The rpID value is worth slowing down on, because misconfiguring it produces a failure that is hard to debug: registration succeeds and sign-in silently fails. The rule is that rpID must be the registrable domain your app runs on. Suppose your app lives at app.example.com and you set rpID: 'example.com'. The browser will happily register a passkey, and then refuse every assertion , because the key was scoped to example.com but the request is coming from app.example.com. A passkey registered under app.example.com works at neither marketing.example.com nor bare example.com. This is the same origin-binding that stopped the phishing proxy, except now you are the one on the wrong origin.

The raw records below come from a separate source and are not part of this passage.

Lemma comp_plus_distr_l {X Y W : C} (f g : Hom X Y) (h : Hom Y W) :
  comp h (plus f g) = plus (comp h f) (comp h g).
Proof.
  rewrite <- !plus_diag_eq_plus. unfold plus_diag. rewrite comp_assoc. f_equal.
  apply (bp_hom_from_ext (chosen_bp X X)); rewrite <- comp_assoc;
    [rewrite !copair_s1 | rewrite !copair_s2]; reflexivity.
Qed.

Definition idm_has_neg (X : C) : Prop := exists g : Hom X X, plus (idm X) g = zero HZ X X.

Lemma plus_comp_neg {K X : C} (tau : Hom K K) (v : Hom X K) :
  plus (idm K) tau = zero HZ K K -> plus v (comp tau v) = zero HZ X K.
Proof.
  intros Htau. rewrite <- (comp_idl v) at 1.
  rewrite <- comp_plus_distr_r, Htau, comp_zero_l. reflexivity.
Qed.

Lemma additive_of_idm_has_neg : (forall X : C, idm_has_neg X) -> is_additive C.
Proof.
  intros Hneg. split; [exists Z0; exact HZ |]. split; [exact Hbp |].
  intros X Y f. destruct (Hneg X) as [g Hg]. exists (comp f g).
  intros z Hz B s1 r1 s2 r2 Hb p n Hp1 Hp2 Hn1 Hn2.
  transitivity (plus f (comp f g)); [exact (plus_eq_via (Biproduct Hb) p n Hp1 Hp2 Hn1 Hn2) |].
  rewrite (proj1 (is_zero_mor_iff HZ z) Hz), <- (comp_idr f) at 1.
  rewrite <- comp_plus_distr_l, Hg, comp_zero_r. reflexivity.
Qed.

Section KernelOfCodiagonal.
Context {X : C} (b : biproduct X X).

Lemma plus_idm_swap : plus (idm (bp_obj b)) (swap b) = comp (diag b) (codiag b).
Proof.
  apply (bp_hom_to_ext b); apply (bp_hom_from_ext b);
    rewrite <- !comp_assoc, comp_plus_distr_r, comp_plus_distr_l, comp_idl;
    rewrite ?swap_s1, ?swap_s2; unfold diag, codiag;
    rewrite ?(comp_assoc (bp_r1 b)), ?(comp_assoc (bp_r2 b)), ?r1_pair, ?r2_pair,
      ?copair_s1, ?copair_s2, ?comp_idl, ?r1_s1, ?(r1_s2 HZ), ?(r2_s1 HZ), ?r2_s2,
      ?plus_zero_r, ?plus_zero_l; reflexivity.
Qed.

Lemma kernel_codiag_idm_has_neg {K : C} (k : Hom K (bp_obj b)) :
  is_kernel (codiag b) k -> idm_has_neg K.
Proof.
  intros Hk.
  assert (Hzero : comp (codiag b) k = zero HZ K X) by apply is_zero_mor_iff, Hk.
  destruct (proj2 Hk K (comp (swap b) k)) as [tau [Htau _]].
  { rewrite comp_assoc, codiag_swap, Hzero. apply zero_is_zero_mor. }
  exists tau. apply (kernel_mono Hk).
  rewrite comp_plus_distr_l, comp_idr, Htau, comp_zero_r, <- (comp_idl k) at 1.
  rewrite <- comp_plus_distr_r, plus_idm_swap, <- comp_assoc, Hzero, comp_zero_r.
  reflexivity.
Qed.

End KernelOfCodiagonal.

End Semiadditive.

Section PreHilbert.
Context {C : StarCategory} {Z0 : C} (HZ : is_zero_object Z0).

Lemma star_zero (X Y : C) : star (zero HZ X Y) = zero HZ Y X.
Proof.
  apply is_zero_mor_iff. unfold zero. rewrite star_comp.
  exists Z0, (star (from_zero HZ Y)), (star (to_zero HZ X)). split; [exact HZ | reflexivity].
Qed.

Lemma star_pair {X1 X2 : C} (b : biproduct X1 X2) :
  bp_r1 b = star (bp_s1 b) -> bp_r2 b = star (bp_s2 b) ->
  forall W (g1 : Hom W X1) (g2 : Hom W X2),
    star (pair b W g1 g2) = copair b W (star g1) (star g2).
Proof.
  intros Hr1 Hr2 W g1 g2. apply (bp_hom_from_ext b).
  - rewrite copair_s1, <- (star_invol (bp_s1 b)), <- star_comp, <- Hr1, r1_pair.
    reflexivity.
  - rewrite copair_s2, <- (star_invol (bp_s2 b)), <- star_comp, <- Hr2, r2_pair.
    reflexivity.
Qed.

(* The dagger form of "(im d)^perp^perp = im d" for a normal mono d: q^* factors through
   ker d^*, so k^* m = 0 forces q m = 0. *)
Lemma perp_kernel_adjoint_factors {X B Y K W : C} (d : Hom X B) (q : Hom B Y)
  (k : Hom K B) (m : Hom W B) :
  is_kernel q d -> is_kernel (star d) k -> comp (star k) m = zero HZ W K ->
  exists x, comp d x = m.
Proof.
  intros Hd Hk Hm.
  destruct (proj2 Hk _ (star q)) as [u [Hu _]].
  { rewrite <- star_comp, (proj1 (is_zero_mor_iff HZ _) (proj1 Hd)), star_zero.
    apply zero_is_zero_mor. }
  destruct (proj2 Hd W m) as [x [Hx _]].
  { rewrite <- (star_invol q), <- Hu, star_comp, <- comp_assoc, Hm, comp_zero_r.
    apply zero_is_zero_mor. }
  exists x. exact Hx.
Qed.

Context (Hbp : has_binary_biproducts C).

Lemma idm_has_neg_of_normal_diag {X : C} (b : biproduct X X) {K : C} (k : Hom K (bp_obj b)) :
  bp_r1 b = star (bp_s1 b) -> bp_r2 b = star (bp_s2 b) -> is_normal_mono (diag b) ->
  is_kernel (codiag b) k -> is_isometry k -> idm_has_neg HZ Hbp X.
Proof.
  intros Hr1 Hr2 [Y [q Hdiag]] Hk Hiso.
  assert (Hcodiag : codiag b = star (diag b)).
  { unfold codiag, diag. rewrite (star_pair b Hr1 Hr2), star_id. reflexivity. }
  destruct (kernel_codiag_idm_has_neg HZ Hbp b k Hk) as [tau Htau].
  set (e := comp tau (comp (star k) (bp_s1 b))).
  set (m := plus Hbp (bp_s1 b) (comp k e)).
  assert (Hperp : comp (star k) m = zero HZ X K).
  { unfold m, e. rewrite (comp_plus_distr_l HZ), (comp_assoc (star k) k), Hiso, comp_idl.
    apply plus_comp_neg, Htau. }
  rewrite Hcodiag in Hk.
  destruct (perp_kernel_adjoint_factors (diag b) q k m Hdiag Hk Hperp) as [x Hx].
  assert (Hr : comp (bp_r1 b) m = comp (bp_r2 b) m).
  { rewrite <- Hx, !comp_assoc. unfold diag. rewrite r1_pair, r2_pair. reflexivity. }
  unfold m in Hr. rewrite !(comp_plus_distr_l HZ), r1_s1, (r2_s1 HZ), plus_zero_l in Hr.
  exists (plus Hbp (comp (bp_r1 b) (comp k e)) (comp (bp_r2 b) (comp k (comp tau e)))).
  rewrite <- (plus_assoc HZ), Hr, <- !(comp_plus_distr_l HZ), (plus_comp_neg HZ Hbp tau e Htau).
  rewrite !comp_zero_r. reflexivity.
Qed.

End PreHilbert.

Theorem proposition3p2 (C : StarCategory) :
  is_preHilbert C -> is_additive C.
Proof.
  intros [[Z0 HZ] [Horth [Hker Hdiag]]].
  assert (Hbp : has_binary_biproducts C).
  { intros X1 X2. destruct (Horth X1 X2) as [B [s1 [r1 [s2 [r2 [Hb _]]]]]].
    exists B, s1, r1, s2, r2. exact Hb. }
  apply (additive_of_idm_has_neg HZ Hbp). intros X.
  destruct (Hdiag X) as [B [s1 [r1 [s2 [r2 [[Hb [Hr1 Hr2]] Hnormal]]]]]].
  set (b := Biproduct Hb).
  destruct (Hker _ _ (codiag b)) as [K [k [Hk Hiso]]].
  apply (idm_has_neg_of_normal_diag HZ Hbp b k Hr1 Hr2); [| exact Hk | exact Hiso].
  apply Hnormal; [exact (r1_pair b X _ _) | exact (r2_pair b X _ _)].
Qed.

When a passkey works in registration testing and dies at sign-in, rpID is the first thing to check.
The schema this adds
Section titled “The schema this adds”Like every Better Auth plugin, passkey() needs database tables, and you generate them the same way as in the previous chapter: npx @better-auth/cli generate reads your config and writes the migration. The plugin adds one new table, passkey, with one row per credential. A user normally has several, such as a phone, a laptop, and maybe a hardware key, so model and build everything here as one-user-to-many-passkeys from the start.
A few columns carry teaching weight; the rest are bookkeeping the library reads for you.
passkey one row per credential id text primary key userId text FK → user.id — the one-user-to-many side credentialID text public identifier; how a sign-in looks the row up publicKey text the secret (public) the stored public half — a leak of this column authenticates nobody counter integer monotonic signing counter (inert for synced keys) deviceType 'singleDevice' | 'multiDevice' decision pinned to one device, or synced across many backedUp boolean decision the sync signal — true when a cloud keychain holds it transports text how the authenticator is reached — USB, NFC, internal name text user-facing label — "iPhone", "Work laptop" aaguid text device-model identifier createdAt timestamp when the credential was registered Two of those columns deserve a sentence each. counter is a monotonically increasing number the authenticator bumps on every signature, and the library checks that it only ever grows, which would catch a cloned single-device authenticator signing in parallel. Treat it as a defense the library performs, not as the thing protecting you, because synced passkeys (the common case, covered in the next section) report counter: 0 and never increment it, so for them the check is effectively inert. It is real protection only for single-device authenticators. The other two columns, deviceType and backedUp, are the signal for whether a credential is synced across the user’s devices or pinned to one piece of hardware. Note them here; you will decide what to do with them two sections from now.
Registering a passkey
Section titled “Registering a passkey”Now for the first ceremony, end to end. The default, and the one you build first, is adding a passkey to an account the user is already signed in to: a credential they attach to an existing account from a settings page. That default has a name in the config. registration.requireSession is true out of the box, which is why the flow below starts from a live session.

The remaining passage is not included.